The paper concludes that the proposed attention module based on the Transformer architecture shows promise for decoding imagined speech from EEG signals. The achieved accuracies are considered "reasonable" and highlight the potential of this technology for developing practical communication systems for individuals who cannot speak. Future work includes:

  • Developing architectures with higher performance for imagined speech.
  • Optimizing the parameters of the self-attention module to further increase performance.

Implementation Considerations:

  • Computational Resources: While Transformers can be computationally intensive, the paper suggests their architecture can reduce complexity per layer and allow for more parallelization than RNNs.
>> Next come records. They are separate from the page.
(* Let $G=(V,E)$ be an $r$-rank connected graph and let $X,Y\subseteq V$ be $r$-splits of $G$ with $|X\cap Y|\ge r$. Then $X\cup Y$ is an $r$-split of $G$.
   Context: For $X\subseteq V$, $\overline X=V\setminus X$, and $\rho(X)$ is the rank over $\mathbb F_2$ of the submatrix of the adjacency matrix of $G$ with rows indexed by $X$ and columns by $\overline X$. $X$ is a $k$-split if $\rho(X)\le k$, and trivial if $\rho(X)=\min(|X|,|\overline X|)$. $G$ is $r$-rank connected if every $k$-split with $k<r$ is trivial. *)

From HB Require Import structures.
From mathcomp Require Import all_boot all_order all_algebra.
Set Implicit Arguments. Unset Strict Implicit. Unset Printing Implicit Defensive.
Import GRing.Theory.
Local Open Scope ring_scope.

Definition simple_graph (V : finType) (adj : rel V) : Prop :=
  symmetric adj /\ irreflexive adj.

Definition cut_matrix (V : finType) (adj : rel V) (X : {set V})
  : 'M['F_2]_(#|X|, #|~: X|) :=
  \matrix_(i < #|X|, j < #|~: X|) (adj (enum_val i) (enum_val j))%:R.

Definition cutrank (V : finType) (adj : rel V) (X : {set V}) : nat :=
  \rank (cut_matrix adj X).

Definition is_split (V : finType) (adj : rel V) (k : nat) (X : {set V}) : Prop :=
  (cutrank adj X <= k)%N.

Definition trivial_split (V : finType) (adj : rel V) (X : {set V}) : Prop :=
  cutrank adj X = minn #|X| #|~: X|.

Definition rank_connected (V : finType) (adj : rel V) (r : nat) : Prop :=
  forall (k : nat) (X : {set V}), (k < r)%N -> is_split adj k X -> trivial_split adj X.

From mathcomp Require Import all_boot all_order all_algebra.
From mathcomp Require Import zify.
Set Implicit Arguments. Unset Strict Implicit. Unset Printing Implicit Defensive.
Import GRing.Theory.
Local Open Scope ring_scope.

(* Cut-rank is submodular. Indeed rho(X) + |X| is the dimension of the span of
   the unit vectors e_x and the adjacency rows a_x for x in X (projecting away
   the X-coordinates leaves exactly the rows of the cut matrix), and
   span(X u Y) <= span X + span Y, span(X n Y) <= span X n span Y, so the
   dimension formula for sums and intersections of subspaces gives
   rho(X u Y) + rho(X n Y) <= rho(X) + rho(Y).
   Hence if rho(X u Y) > r, then rho(X n Y) < r and X n Y is a trivial split;
   since |X n Y| >= r > rho(X n Y), this forces
   rho(X n Y) = |V \ (X n Y)| >= |V \ (X u Y)| >= rho(X u Y) > r,
   a contradiction. *)

Section CutRank.

Variables (F : fieldType) (V : finType) (a : V -> V -> F).

Definition cut_mx (X : {set V}) : 'M[F]_(#|X|, #|~: X|) :=
  \matrix_(i, j) a (enum_val i) (enum_val j).

Definition cut_rank (X : {set V}) : nat := \rank (cut_mx X).

Definition form_mx : 'M[F]_#|V| := \matrix_(j, k) a (enum_val j) (enum_val k).

Definition unit_row (x : V) : 'rV[F]_#|V| := \row_j (x == enum_val j)%:R.

Definition sel_mx (X : {set V}) : 'M[F]_(#|X|, #|V|) :=
  \matrix_(i, j) (enum_val i == enum_val j)%:R.

Lemma sum_enum_val_eq (A : {pred V}) (x : V) (f : V -> F) :
  \sum_(i < #|A|) (x == enum_val i)%:R * f (enum_val i) = if x \in A then f x else 0.
Proof.
case: ifPn => [xA | xNA].
  rewrite (bigD1 (enum_rank_in xA x)) //= enum_rankK_in // eqxx mul1r.
  rewrite big1 ?addr0 // => i ne_i; case: eqP => [x_i|]; last by rewrite mul0r.
  by case/eqP: ne_i; apply: enum_val_inj; rewrite enum_rankK_in.
rewrite big1 // => i _; case: eqP => [x_i|]; last by rewrite mul0r.
by move: xNA; rewrite x_i enum_valP.
Qed.

Lemma sel_mx_formE X i k : (sel_mx X *m form_mx) i k = a (enum_val i) (enum_val k).
Proof.
rewrite mxE; under eq_bigr do rewrite !mxE.
by rewrite (sum_enum_val_eq _ _ (a^~ (enum_val k))) inE.
Qed.

Lemma sel_mx_trE X Y i l :
  (sel_mx X *m (sel_mx Y)^T) i l = (enum_val i == enum_val l :> V)%:R.
Proof.
rewrite mxE; under eq_bigr do rewrite !mxE mulrC.
by rewrite (sum_enum_val_eq _ _ (fun v => (enum_val i == v)%:R)) inE.
Qed.

Lemma cut_mxE X : cut_mx X = sel_mx X *m form_mx *m (sel_mx (~: X))^T.
Proof.
apply/matrixP => i l; rewrite !mxE; under eq_bigr do rewrite sel_mx_formE !mxE mulrC.
by rewrite (sum_enum_val_eq _ _ (a (enum_val i))) inE.
Qed.

Lemma sel_mx_trK X : sel_mx X *m (sel_mx X)^T = 1%:M.
Proof. by apply/matrixP => i l; rewrite sel_mx_trE (inj_eq enum_val_inj) !mxE. Qed.

Lemma sel_mx_tr_compl X : sel_mx X *m (sel_mx (~: X))^T = 0.
Proof.
apply/matrixP => i l; rewrite sel_mx_trE mxE.
by case: eqP => // Eil; have := enum_valP l; rewrite -Eil inE enum_valP.
Qed.

Lemma sel_mx_partition X :
  (sel_mx X)^T *m sel_mx X + (sel_mx (~: X))^T *m sel_mx (~: X) = 1%:M.
Proof.
apply/matrixP => j k; rewrite !mxE.
have sel_sum Z : \sum_i (sel_mx Z)^T j i * sel_mx Z i k
               = if enum_val j \in Z then (j == k)%:R else 0.
  under eq_bigr do rewrite !mxE eq_sym.
  by rewrite (sum_enum_val_eq _ _ (fun v => (v == enum_val k)%:R)) (inj_eq enum_val_inj).
by rewrite !sel_sum inE; case: ifP; rewrite ?addr0 ?add0r.
Qed.

Lemma mxrank_sel_mx X : \rank (sel_mx X) = #|X|.
Proof.
apply/eqP; rewrite eqn_leq rank_leq_row /=.
by rewrite -{1}(mxrank1 F #|X|) -(sel_mx_trK X) mxrankM_maxl.
Qed.

Lemma mxrank_cut_sel X : \rank (cut_mx X *m sel_mx (~: X)) = cut_rank X.
Proof. by rewrite mxrankMfree // /row_free mxrank_sel_mx. Qed.

Lemma sel_cap_cut_sel X : (sel_mx X :&: cut_mx X *m sel_mx (~: X))%MS = 0.
Proof.
set W := (_ :&: _)%MS.
have /submxP [D1 W_sel] : (W <= sel_mx X)%MS by apply: capmxSl.
have /submxP [D2 W_cut] : (W <= cut_mx X *m sel_mx (~: X))%MS by apply: capmxSr.
have -> : W = W *m (sel_mx (~: X))^T *m sel_mx (~: X).
  by rewrite {2}W_cut -!mulmxA (mulmxA (sel_mx _)) sel_mx_trK mul1mx.
by rewrite {1}W_sel -(mulmxA D1) sel_mx_tr_compl mulmx0 mul0mx.
Qed.

Definition span_mx (X : {set V}) := (sel_mx X + sel_mx X *m form_mx)%MS.

Lemma span_mx_cut X : (span_mx X :=: sel_mx X + cut_mx X *m sel_mx (~: X))%MS.
Proof.
rewrite /span_mx; pose C := sel_mx X *m form_mx *m (sel_mx X)^T.
have -> : sel_mx X *m form_mx = C *m sel_mx X + cut_mx X *m sel_mx (~: X).
  by rewrite cut_mxE -!mulmxA -mulmxDr -mulmxDr sel_mx_partition mulmx1.
exact: addsmx_addKl (submxMl _ _).
Qed.

Lemma mxrank_span_mx X : \rank (span_mx X) = (#|X| + cut_rank X)%N.
Proof.
by rewrite span_mx_cut mxrank_disjoint_sum ?sel_cap_cut_sel
  // mxrank_sel_mx mxrank_cut_sel.
Qed.

Lemma row_sel_mx X i : row i (sel_mx X) = unit_row (enum_val i).
Proof. by apply/rowP => j; rewrite !mxE. Qed.

Lemma span_mx_subP (X : {set V}) m (W : 'M_(m, #|V|)) :
  reflect (forall x, x \in X -> (unit_row x <= W)%MS && (unit_row x *m form_mx <= W)%MS)
          (span_mx X <= W)%MS.
Proof.
apply: (iffP idP) => [spanW x xX | unitW].
  have -> : unit_row x = row (enum_rank_in xX x) (sel_mx X).
    by rewrite row_sel_mx enum_rankK_in.
  move: spanW; rewrite addsmx_sub => /andP[selW selAW].
  by rewrite -row_mul !(submx_trans (row_sub _ _)).
rewrite addsmx_sub; apply/andP; split; apply/row_subP => i.
  by rewrite row_sel_mx; case/andP: (unitW _ (enum_valP i)).
by rewrite row_mul row_sel_mx; case/andP: (unitW _ (enum_valP i)).
Qed.

Lemma cut_rank_submod X Y :
  (cut_rank (X :|: Y) + cut_rank (X :&: Y) <= cut_rank X + cut_rank Y)%N.
Proof.
have spanP (Z : {set V}) z : z \in Z ->
    (unit_row z <= span_mx Z)%MS && (unit_row z *m form_mx <= span_mx Z)%MS.
  exact/span_mx_subP.
have sub_sum : (span_mx (X :|: Y) <= span_mx X + span_mx Y)%MS.
  apply/span_mx_subP => z /setUP[] /spanP/andP[z1 z2];
  by rewrite ?(submx_trans z1) ?(submx_trans z2) ?addsmxSl ?addsmxSr.
have sub_cap : (span_mx (X :&: Y) <= span_mx X :&: span_mx Y)%MS.
  apply/span_mx_subP => z /setIP[/spanP/andP[zX1 zX2] /spanP/andP[zY1 zY2]].
  by rewrite !sub_capmx zX1 zX2 zY1 zY2.
have := mxrank_sum_cap (span_mx X) (span_mx Y).
have := mxrankS sub_sum; have := mxrankS sub_cap.
rewrite !mxrank_span_mx; have := cardsUI X Y; lia.
Qed.

End CutRank.

Lemma cutrank_submod (V : finType) (adj : rel V) (X Y : {set V}) :
  (cutrank adj (X :|: Y) + cutrank adj (X :&: Y) <= cutrank adj X + cutrank adj Y)%N.
Proof. exact: (cut_rank_submod (fun x y => (adj x y)%:R : 'F_2)). Qed.

Lemma cutrank_le_card_compl (V : finType) (adj : rel V) (X : {set V}) :
  (cutrank adj X <= #|~: X|)%N.
Proof. exact: rank_leq_col. Qed.

Theorem mainTheorem6 (V : finType) (adj : rel V) (r : nat) (X Y : {set V}) :
  simple_graph adj ->
  rank_connected adj r ->
  is_split adj r X -> is_split adj r Y ->
  (r <= #|X :&: Y|)%N ->
  is_split adj r (X :|: Y).
Proof.
rewrite /is_split => _ conn splitX splitY r_le_cap.
rewrite leqNgt; apply/negP => big_union.
have small_cap : (cutrank adj (X :&: Y) < r)%N.
  by have := cutrank_submod adj X Y; lia.
have := conn _ _ small_cap (leqnn _); rewrite /trivial_split.
have : (#|~: (X :|: Y)| <= #|~: (X :&: Y)|)%N.
  by rewrite subset_leq_card // setCS (subset_trans (subsetIl X Y) (subsetUl X Y)).
have := cutrank_le_card_compl adj (X :|: Y).
lia.
Qed.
The specific model size (number of layers, heads, embedding dimensions) would determine the exact requirements.
  • Data Requirements: Training deep learning models, including Transformers, typically requires substantial amounts of data. The paper used 300 trials per condition per subject.
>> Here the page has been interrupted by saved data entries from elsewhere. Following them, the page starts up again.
Lemma gisomorphic_C4_of_nbrs : #|T| = 4 -> (forall v, #|nbrs e v| = 2) ->
  gisomorphic e C4_rel.
Proof.
move=> n4 deg2; have /card_gt0P [x _] : 0 < #|T| by rewrite n4.
have /cards2P [a [b [ab Nx]]] : #|nbrs e x| == 2 by rewrite deg2.
have ex u : e x u = (u \in [set a; b]) by rewrite -Nx inE.
have /card_gt0P [y] : 0 < #|~: nbrs e x :\ x|.
  by have := cardsC (nbrs e x); rewrite deg2 n4 (cardsD1 x) !inE e_irr; lia.
rewrite !inE => /andP [yx nxy].
(* y is the vertex opposite x on the 4-cycle. *)
have [exa exb] : e x a /\ e x b by rewrite !ex !inE !eqxx orbT.
have [ya yb] : y != a /\ y != b by move: nxy; rewrite ex !inE negb_or => /andP.
have xaby : uniq [:: x; a; y; b].
  by rewrite /= !inE !negb_or (edge_neq exa) (edge_neq exb) !(eq_sym _ y) yx ya ab yb.
have all_in u : u \in [:: x; a; y; b] by apply: mem_card_full; rewrite (card_uniqP xaby).
have ey v : e y v = (v \in [set a; b]).
  suff -> : [set a; b] = nbrs e y by rewrite inE.
  apply/eqP; rewrite eq_sym eqEcard cards2 ab deg2 leqnn andbT.
  apply/subsetP => u; rewrite inE => eyu; move: (all_in u) eyu.
  rewrite !inE => /or4P [] /eqP ->; rewrite ?eqxx ?orbT // ?e_irr //.
  by rewrite e_sym (negbTE nxy).
have [eya eyb] : e y a /\ e y b by rewrite !ey !inE !eqxx orbT.
have nab : ~~ e a b.
  have Na : nbrs e a = [set x; y].
    apply/eqP; rewrite eq_sym eqEcard cards2 (eq_sym x) yx deg2 leqnn andbT.
    by apply/subsetP => u; rewrite !inE => /orP [] /eqP ->; rewrite e_sym.
  move/setP: Na => /(_ b); rewrite !inE => ->.
  by rewrite negb_or !(eq_sym b) (edge_neq exb) yb.
by apply: (gisomorphic_C4 n4 xaby exa _ eyb _ nxy nab); rewrite e_sym.
Qed.

Lemma complete_gamma3_kappa : 0 < #|T| -> complete e ->
  gamma3 e + kappa e = 2 * #|T| - 2 -> #|T| = 4.
Proof.
move=> n_gt0 e_compl sum_eq.
have := gamma3_ge; have := gamma3_le; have := kappa_complete e_compl.
have := kappa_le_pred n_gt0; have [n_gt2 | ] := ltnP 2 #|T|; last lia.
by have := gamma3_complete e_compl n_gt2; lia.
Qed.

Lemma noncomplete_gamma3_kappa x y : gconnected e -> x != y -> ~~ e x y ->
  gamma3 e + kappa e = 2 * #|T| - 2 -> gisomorphic e C4_rel \/ gisomorphic e K12_rel.
Proof.
move=> e_conn xy nxy sum_eq.
have n_gt1 : 1 < #|T| by apply/card_gt1P; exists x, y.
have k_gt0 := kappa_gt0 e_conn n_gt1.
have k_le := kappa_le_nonadj xy nxy.
have g_n : gamma3 e = #|T| by have := gamma3_le; lia.
have deg_le2 := gamma3_eq_card.1 g_n.
have deg_ge v : #|T| - 2 <= #|nbrs e v| by have := kappa_le_nbrs v; lia.
have [n3 | n4] : #|T| = 3 \/ #|T| = 4 by have := deg_le2 x; have := deg_ge x; lia.
- right; apply: (gisomorphic_K12_of_nbrs n3 xy nxy) => v.
  by have := deg_ge v; rewrite n3.
- left; apply: (gisomorphic_C4_of_nbrs n4) => v.
  by have := deg_ge v; have := deg_le2 v; rewrite n4; lia.
Qed.

Lemma gisomorphic_of_gamma3_kappa : gconnected e ->
  gamma3 e + kappa e = 2 * #|T| - 2 ->
  [\/ gisomorphic e K4_rel, gisomorphic e C4_rel | gisomorphic e K12_rel].
Proof.
move=> e_conn sum_eq.
have [/existsP [x /existsP [y /andP [xy nxy]]] | all_adj] :=
  boolP [exists x, exists y, (x != y) && ~~ e x y].
  by case: (noncomplete_gamma3_kappa e_conn xy nxy sum_eq); [apply: Or32 | apply: Or33].
have e_compl : complete e.
  move=> x y xy; apply/contraT => nxy; case/negP: all_adj.
  by apply/existsP; exists x; apply/existsP; exists y; rewrite xy.
apply: Or31; apply: gisomorphic_K4 => //.
exact: complete_gamma3_kappa e_conn.1 e_compl sum_eq.
Qed.

Lemma gamma3_kappa_K4 : gisomorphic e K4_rel -> gamma3 e + kappa e = 2 * #|T| - 2.
Proof.
case=> g [g_bij e_g].
have n4 : #|T| = 4 by rewrite (bij_eq_card g_bij) card_ord.
have e_compl : complete e by move=> x y xy; rewrite e_g /K4_rel (bij_eq g_bij).
have := gamma3_ge; have := gamma3_complete e_compl; have := kappa_le_pred.
have := kappa_complete e_compl; rewrite n4 => ? /(_ isT) ? /(_ isT) ? ?; lia.
Qed.

Lemma gamma3_kappa_C4 : gisomorphic e C4_rel -> gamma3 e + kappa e = 2 * #|T| - 2.
Proof.
case=> g [g_bij e_g].
have n4 : #|T| = 4 by rewrite (bij_eq_card g_bij) card_ord.
have deg_le2 v : #|nbrs e v| <= 2.
  by rewrite (card_nbrs_gisomorphic g_bij e_g) C4_nbrs_le2.
have k_gt1 : 1 < kappa e.
  apply: kappa_gt1 => [|x y xy nxy]; first by rewrite n4.
  by rewrite (card_nbrsI_gisomorphic g_bij e_g) C4_common_nbrs ?(bij_eq g_bij) // -e_g.
have /card_gt0P [v _] : 0 < #|T| by rewrite n4.
have := kappa_le_nbrs v; have := deg_le2 v; have := gamma3_eq_card.2 deg_le2.
by rewrite n4; lia.
Qed.

Lemma gamma3_kappa_K12 : gconnected e -> gisomorphic e K12_rel ->
  gamma3 e + kappa e = 2 * #|T| - 2.
Proof.
move=> e_conn [g [g_bij e_g]].
have n3 : #|T| = 3 by rewrite (bij_eq_card g_bij) card_ord.
have deg_le2 v : #|nbrs e v| <= 2 by have := card_nbrs_le_pred v; rewrite n3.
have [h _ hg] := g_bij; set leaf := h (@Ordinal 3 1 isT).
have deg_leaf : #|nbrs e leaf| = 1.
  by rewrite (card_nbrs_gisomorphic g_bij e_g) hg K12_nbrs_leaf cards1.
have := kappa_le_nbrs leaf; have := kappa_gt0 e_conn; have := gamma3_eq_card.2 deg_le2.
by rewrite deg_leaf n3 => ? /(_ isT); lia.
Qed.

End Graph.

Theorem theorem3p2 (T : finType) (e : rel T)
  (e_sym : symmetric e) (e_irr : irreflexive e) (e_conn : gconnected e) :
  gamma3 e + kappa e = 2 * #|T| - 2 <->
  [\/ gisomorphic e K4_rel, gisomorphic e C4_rel | gisomorphic e K12_rel].
Proof.
split; first exact: gisomorphic_of_gamma3_kappa.
by case; [apply: gamma3_kappa_K4 | apply: gamma3_kappa_C4 | apply: gamma3_kappa_K12].
Qed.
  • Subject Variability: EEG signals are highly subject-specific. The model's performance on new subjects without subject-specific fine-tuning or transfer learning techniques would be a key challenge for practical deployment. The paper reports average accuracies, implying subject-specific models or some form of aggregation.
  • Real-time Performance: For a BCI communication system, real-time inference is critical. The efficiency of the proposed EEG-Transformer, particularly the convolutional front-end and the self-attention mechanism, would need to be optimized for low-latency processing.
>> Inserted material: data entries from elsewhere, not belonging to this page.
(* Let $s\ge2$ and let $G$ be a $K_{2,s}$-free graph. Then $G$ is strongly $d$-degenerate, where $d=d(G):=\lfloor 2s\,\nabla_1(G)\rfloor$.
   Context: A graph $H$ is a shallow minor of $G$ at depth $r$ (integer $r\ge0$) if there are disjoint sets $V_1,\dots,V_p\subseteq V(G)$ such that each $G[V_i]$ contains a vertex $x_i$ with every vertex of $V_i$ at distance at most $r$ from $x_i$ in $G[V_i]$, and $H$ is (isomorphic to) a subgraph of the graph obtained by contracting each $V_i$ to a single vertex (two contracted vertices adjacent iff some edge joins the corresponding sets). $\nabla_r(G)$ is the maximum of $e(H)/v(H)$ over all non-empty shallow minors $H$ of $G$ at depth $r$. A graph is $K_{2,s}$-free if it has no subgraph isomorphic to $K_{2,s}$. For an integer $d\ge1$, a vertex $v$ of $G$ is $d$-removable in $G$ if $d_G(v)\le d$ and at most one neighbour $w$ of $v$ has $d_G(w)>d$; $G$ is strongly $d$-degenerate if every non-empty subgraph $G'$ of $G$ contains a vertex $d$-removable in $G'$. *)

From HB Require Import structures.
From mathcomp Require Import all_boot all_order all_algebra.
Set Implicit Arguments. Unset Strict Implicit. Unset Printing Implicit Defensive.
Import Order.TTheory GRing.Theory Num.Theory.

Definition simple_graph (T : finType) (e : rel T) : Prop :=
  symmetric e /\ irreflexive e.

Definition nverts (T : finType) : nat := #|T|.
Definition edge_set (T : finType) (e : rel T) : {set {set T}} :=
  [set E : {set T} | [exists u, exists v, e u v && (E == [set u; v])]].
Definition nedges (T : finType) (e : rel T) : nat := #|edge_set e|.

Fixpoint reach_in (T : finType) (e : rel T) (V : {set T}) (k : nat) (x y : T)
  : bool :=
  match k with
  | 0 => (x == y)
  | k'.+1 => (x == y) || [exists z in V, e x z && reach_in e V k' z y]
  end.

Definition radius_le (T : finType) (e : rel T) (V : {set T}) (x : T) (r : nat)
  : bool :=
  (x \in V) && [forall y in V, reach_in e V r x y].

(* H = (TH, eH) is (isomorphic to) a subgraph of a depth-r contraction of
   G = (T, e): the vertex u of H is mapped to the branch set branch u
   (so distinct vertices of H go to distinct, disjoint branch sets), and
   every edge of H is realised by an edge of G between the branch sets. *)
Definition shallow_minor (r : nat) (T : finType) (e : rel T)
    (TH : finType) (eH : rel TH) : Prop :=
  simple_graph eH /\
  exists branch : TH -> {set T},
    (forall u v, u != v -> [disjoint branch u & branch v]) /\
    (forall u, exists x, radius_le e (branch u) x r) /\
    (forall u v, eH u v ->
       exists x y, [/\ x \in branch u, y \in branch v & e x y]).

Definition is_nabla (r : nat) (T : finType) (e : rel T) (q : rat) : Prop :=
  (exists (TH : finType) (eH : rel TH),
      [/\ shallow_minor r e eH, 0 < #|TH|
        & q = ((nedges eH)%:R / (nverts TH)%:R)%R]) /\
  (forall (TH : finType) (eH : rel TH),
      shallow_minor r e eH -> (0 < #|TH|)%N ->
      ((nedges eH)%:R / (nverts TH)%:R <= q)%R).

Definition has_K2s (s : nat) (T : finType) (e : rel T) : Prop :=
  exists (a b : T) (B : {set T}),
    [/\ a != b, a \notin B, b \notin B, #|B| = s
      & forall w, w \in B -> e a w /\ e b w].

Definition K2s_free (s : nat) (T : finType) (e : rel T) : Prop :=
  ~ has_K2s s e.

Definition subgraph (T : finType) (e : rel T) (S : {set T}) (e' : rel T)
  : Prop :=
  symmetric e' /\
  (forall x y, e' x y -> [&& e x y, x \in S & y \in S]).

Definition deg_in (T : finType) (S : {set T}) (e' : rel T) (v : T) : nat :=
  #|[set w in S | e' v w]|.

Definition removable (d : nat) (T : finType) (S : {set T}) (e' : rel T)
    (v : T) : bool :=
  [&& v \in S, deg_in S e' v <= d &
      #|[set w in S | e' v w && (d < deg_in S e' w)]| <= 1].

Definition strongly_degenerate (d : nat) (T : finType) (e : rel T) : Prop :=
  forall (S : {set T}) (e' : rel T), subgraph e S e' -> S != set0 ->
    exists v, removable d S e' v.

From HB Require Import structures.
From mathcomp Require Import all_boot all_order all_algebra.
From mathcomp Require Import zify lra.
Import Order.TTheory GRing.Theory Num.Theory.

Set Implicit Arguments.
Unset Strict Implicit.
Unset Printing Implicit Defensive.

(* Suppose a nonempty subgraph G' of G has no d-removable vertex.  Call a vertex
   of G' high if its degree exceeds d and low otherwise; every low vertex then
   has at least two high neighbours.  Attach each low vertex to one of them, its
   anchor: the stars of the high vertices are disjoint and have radius 1, so
   contracting them yields a depth-1 minor H on the high vertices.  Each low
   vertex sends at least half of its edges into the high vertices to high
   vertices other than its anchor.  For distinct high vertices x and y, the edge
   xy and the low vertices anchored at x and adjacent to y, or vice versa, are
   at most 1 + (s - 1) = s in number, because those low vertices are common
   neighbours of x and y; and there are none unless xy is an edge of H.  Hence
   (d + 1) |H| <= sum of the high degrees <= 2 s e(H) <= 2 s nabla_1(G) |H|,
   contradicting d = floor (2 s nabla_1(G)). *)

Lemma card_set_in_sum (T : finType) (A : {pred T}) (P : pred T) :
  #|[set x in A | P x]| = \sum_(x in A) (P x : nat).
Proof.
rewrite -sum1dep_card big_mkcondr /=.
by apply: eq_bigr => x _; case: (P x).
Qed.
  • Channel Selection: The focus on 10 channels, and the mention of single-channel or ear-EEG, points towards efforts to reduce the obtrusiveness of BCI systems. Implementing systems with fewer channels simplifies hardware and improves user experience.

This work demonstrates a step towards integrating advanced deep learning architectures like Transformers into the BCI field, specifically for the challenging task of imagined speech decoding. The combination of CNN-based feature extraction with self-attention offers a powerful framework for capturing relevant spatio-temporal dynamics in EEG data.